The stack mattered less than the operating model. Each layer had to support continuity, traceability, and controlled expansion.

05 - CHALLENGES AND HOW I SOLVED THEM

One challenge was preventing knowledge sprawl. Ecosystem information piles up quickly, but raw collection does not automatically become useful intelligence. I solved that by structuring THAWNE around entities, relations, developments, MPP services, and chain-observer data instead of letting it become a loose archive of notes.

Another challenge was balancing freshness with reliability. Daily sweeps are only valuable if they can be ingested back into a system that still makes sense later. I solved that by turning sweep output into processed reports, feeding those reports into the database, and using autolinking to connect new developments back to the existing knowledge graph.

A third challenge was product surface design. I did not want THAWNE to be trapped inside one interface, so I exposed the system through MCP, REST discovery, and MPP-aware endpoints. That made it usable as infrastructure rather than just a dashboard.

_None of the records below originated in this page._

Lemma unit_sol_vanish_left :
  (forall m : nat, (0 < m)%N -> (map_poly iota (ell ord0)).[beta - m%:R] != 0) ->
  forall m : nat, vanish_below (unit_sol (beta - m%:R)) 0.
Proof.
move=> ell0_unit [|k]; rewrite subr_nat_intr unit_solE.
  change (vanish_below (fwd 0) 0); rewrite fwd_init; first exact: unit_init_vanish.
  exact: leq_ltn_trans (leq0n i0) (ltn_ord i0).
by change (vanish_below (bwd k.+1) 0); exact: bwd_vanish.
Qed.

End UnitSolution.

Lemma lincomb_Spowers (C : fieldType) (r : nat) (c : 'I_r -> {fraction {poly C}}) :
  lincomb c (@Spowers C r) = c.
Proof.
apply: functional_extensionality => i; rewrite /lincomb /Spowers (bigD1 i) //= eqxx mulr1.
by rewrite big1 ?addr0 // => j hj; rewrite eq_sym (negbTE hj) mulr0.
Qed.

Section LocalIntegralBasis.
Variables (C : fieldType) (K : closedFieldType) (iota : {rmorphism C -> K}).
Hypothesis charC0 : [pchar C] =i pred0.
Variables (r : nat) (ell : 'I_r.+1 -> {poly C}).
Hypotheses (ell0_neq0 : ell ord0 != 0) (ellr_neq0 : ell ord_max != 0).
Variable beta : K.
Hypothesis no_roots_left : forall m : nat, (0 < m)%N ->
  ~~ root (map_poly iota (ell ord0 * ell ord_max)) (beta - m%:R).

Lemma ell_ends_unit_left m : (0 < m)%N ->
  (map_poly iota (ell ord0)).[beta - m%:R] != 0 /\
  (map_poly iota (ell ord_max)).[beta - m%:R] != 0.
Proof.
by move/no_roots_left; rewrite /root rmorphM hornerM mulf_eq0 negb_or => /andP.
Qed.

(* If [b] vanished below order [n + 1] at all points [beta - m], [m >= N], then running the
   recurrence forward from [r] consecutive such points would make [b(beta + j)] vanish too. *)
Lemma Sol_coef_far_left b (j N : nat) n : Sol iota ell beta b -> (j < r)%N ->
  b (beta + j%:R) n != 0 ->
  exists2 m : nat, (N <= m)%N & exists2 n', n' <= n & b (beta - m%:R) n' != 0.
Proof.
move=> hs hj hn; set p := - ((N + r)%N%:Z); apply: NNPP => hno.
have hw (i : nat) : (i < r)%N -> vanish_below (b (beta + (p + i%:Z)%:~R)) (n + 1).
  move=> hi n' hn'; apply: NNPP => hne; apply: hno; exists (N + r - i)%N; first lia.
  exists n'; first lia.
  rewrite subr_nat_intr (_ : - ((N + r - i)%N%:Z) = p + i%:Z); last by rewrite /p; lia.
  exact/eqP.
have := Sol_vanish_steps (t := (N + j).+1) hs _ hw (i := (N + r + j)%N).
rewrite (_ : p + (N + r + j)%N%:Z = j%:Z) -?pmulrn; last by rewrite /p; lia.
move=> h; move/eqP: hn; apply; apply: h; try lia.
move=> s hs'; have /ell_ends_unit_left[_] : (0 < N + r - s)%N by lia.
by rewrite subr_nat_intr (_ : - ((N + r - s)%N%:Z) = p + s%:Z) //; rewrite /p; lia.
Qed.

Lemma Spowers_integral (j : 'I_r) : integral_at iota ell beta (Spowers C j).
Proof.
apply: (xinfP _).2 => v [b [hs ->]]; rewrite (actA_Spowers _ hs).
set c := b (beta + (j : nat)%:R).
have [B hB] : is_laurent c by have := Sol_laurent j%:Z hs; rewrite -pmulrn.
apply: xsub_ge0; last by have := nu_ge hB; case: (nu c).
apply: (xsupP _).2 => y [N ->]; apply: (xinfP _).2 => w [n [hn ->]].
have [m hNm [n' hn' hb']] := Sol_coef_far_left N hs (ltn_ord j) hn.
apply: xle_trans; first by apply: (xinfP _).1; exists m; split; [exact: hNm | reflexivity].
by apply: xle_trans (nu_le hb') _.
Qed.

(* Test [f] against the solution with unit initial values at [i]: its values left of [beta]
   are power series, so integrality forces [f_i(beta+q)] to be one as well. *)
Lemma integral_at_local f : integral_at iota ell beta f ->
  forall i, in_local iota beta (f i).
Proof.
move=> f_int i; apply: NNPP => /not_local_neg_coef [n [n_lt0 fi_n]].
set b := unit_sol iota ell beta i.
have hv : xle (Defs.val iota ell beta f)
    (xsub (nu (actA iota f b beta)) (xliminf (fun m : nat => nu (b (beta - m%:R))))).
  by apply: (xinfP _).1; exists b; split => //; exact: (unit_sol_Sol iota charC0 ell0_neq0 ellr_neq0).
have := xle_trans f_int hv; rewrite actA_unit_sol //.
have hL : xle (Fin 0) (xliminf (fun m : nat => nu (b (beta - m%:R)))).
  apply: xle_trans; last by apply: (xsupP _).1; exists 0%N; reflexivity.
  apply: (xinfP _).2 => w [m [_ ->]]; apply: nu_ge; apply: (unit_sol_vanish_left charC0 ell0_neq0 ellr_neq0) => k k_gt0.
  by have [] := ell_ends_unit_left k_gt0.
move: hL (nu_le fi_n); case: (nu _) => [|x|] //=; case: (xliminf _) => [|y|] //=; lia.
Qed.

Lemma Spowers_local_integral_basis : local_integral_basis iota ell beta (@Spowers C r).
Proof.
split; first exact: Spowers_integral.
split; last by move=> c _; rewrite lincomb_Spowers => ->.
move=> f f_int; exists f; split; last by rewrite lincomb_Spowers.
exact: integral_at_local.
Qed.

End LocalIntegralBasis.

Theorem mainTheorem1
  (C : fieldType) (K : closedFieldType) (iota : {rmorphism C -> K})
  (charC0 : [pchar C] =i pred0)
  (Kalg : forall z : K, exists p : {poly C}, p != 0 /\ root (map_poly iota p) z)
  (r : nat) (ell : 'I_r.+1 -> {poly C})
  (ell0_neq0 : ell ord0 != 0) (ellr_neq0 : ell ord_max != 0)
  (alpha zeta : K) (zeta_in : in_coset alpha zeta)
  (noroots : forall eta : K, in_coset alpha eta ->
      (exists k : int, k < 0 /\ eta - zeta = k%:~R) ->
      ~~ root (map_poly iota (ell ord0 * ell ord_max)) eta) :
  forall beta : K,
    (in_coset alpha beta /\ (exists k : int, k < 0 /\ beta - zeta = k%:~R)) \/ beta = zeta ->
    local_integral_basis iota ell beta (@Spowers C r).
Proof.
move=> beta hbeta; apply: Spowers_local_integral_basis => //.
have [kb [[p beta_p] beta_kb kb_le0]] :
    exists kb : int, [/\ in_coset alpha beta, beta - zeta = kb%:~R & kb <= 0].
  case: hbeta => [[hb [k [k_lt0 hk]]]|->]; first by exists k; split => //; exact: ltW.
  by exists 0; split; rewrite ?subrr.
move=> m m_gt0; apply: noroots.
  by exists (p - m%:Z); rewrite beta_p intrB -pmulrn addrA.
by exists (kb - m%:Z); split; [lia | rewrite addrAC beta_kb intrB -pmulrn].
Qed.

The hardest challenge was autonomy. It is easy to talk about autonomous agents in a vague way. I wanted something more credible. So I designed the policy layer first: transaction caps, daily and weekly spend limits, allowlist-only outbound access, auto-freeze at threshold, and circuit-breaking after repeated failures. Then I validated that model with a real paid outbound Brave request under policy control instead of stopping at simulation.

06 - WHAT I LEARNED

THAWNE became one of the clearest systems projects in the portfolio.

The strongest takeaways so far:

• recurring intelligence work needs durable structure, not just repeated collection
• a useful ecosystem agent is part research system, part data model, part product surface
• public access matters more when the underlying knowledge stays structured
• autonomy becomes more believable when the policy layer is explicit and enforced in code
• the first real paid autonomous action teaches more than a large amount of theoretical design

The biggest lesson was simple: the interesting part of autonomy is not the action itself. It is the policy and system design that determine when action is allowed, what it can touch, and how it fails safely.

07 - HOW AI SUPPORTED THE WORK

AI helped accelerate research, implementation, and synthesis across the whole project.

It was useful for speeding up ingestion workflows, shaping interface design, testing architecture choices, and helping turn scattered ecosystem material into more structured internal workflows. But the core decisions, especially around trust, scope, payment boundaries, and autonomy policy, still needed deliberate design.

08 - CURRENT STATE

THAWNE is live and already functioning as a real ecosystem intelligence system. The MCP server is running, the public discovery layer is up at thawne.xyz, selected intelligence access is MPP-gated, daily sweeps are being ingested into the knowledge base, and the autonomy groundwork has already been validated with a real paid outbound call.

It also proved flexible enough to extend into a separate Notion MCP hackathon submission, where THAWNE’s intelligence layer was used as part of a bridge workflow instead of staying trapped inside one product surface.

The next step is not to make it louder. It is to make it more autonomous without losing control. That is what makes THAWNE important to me as a portfolio project: it shows how an agent can move from monitoring to action through explicit structure, live interfaces, and policy-bound capability expansion.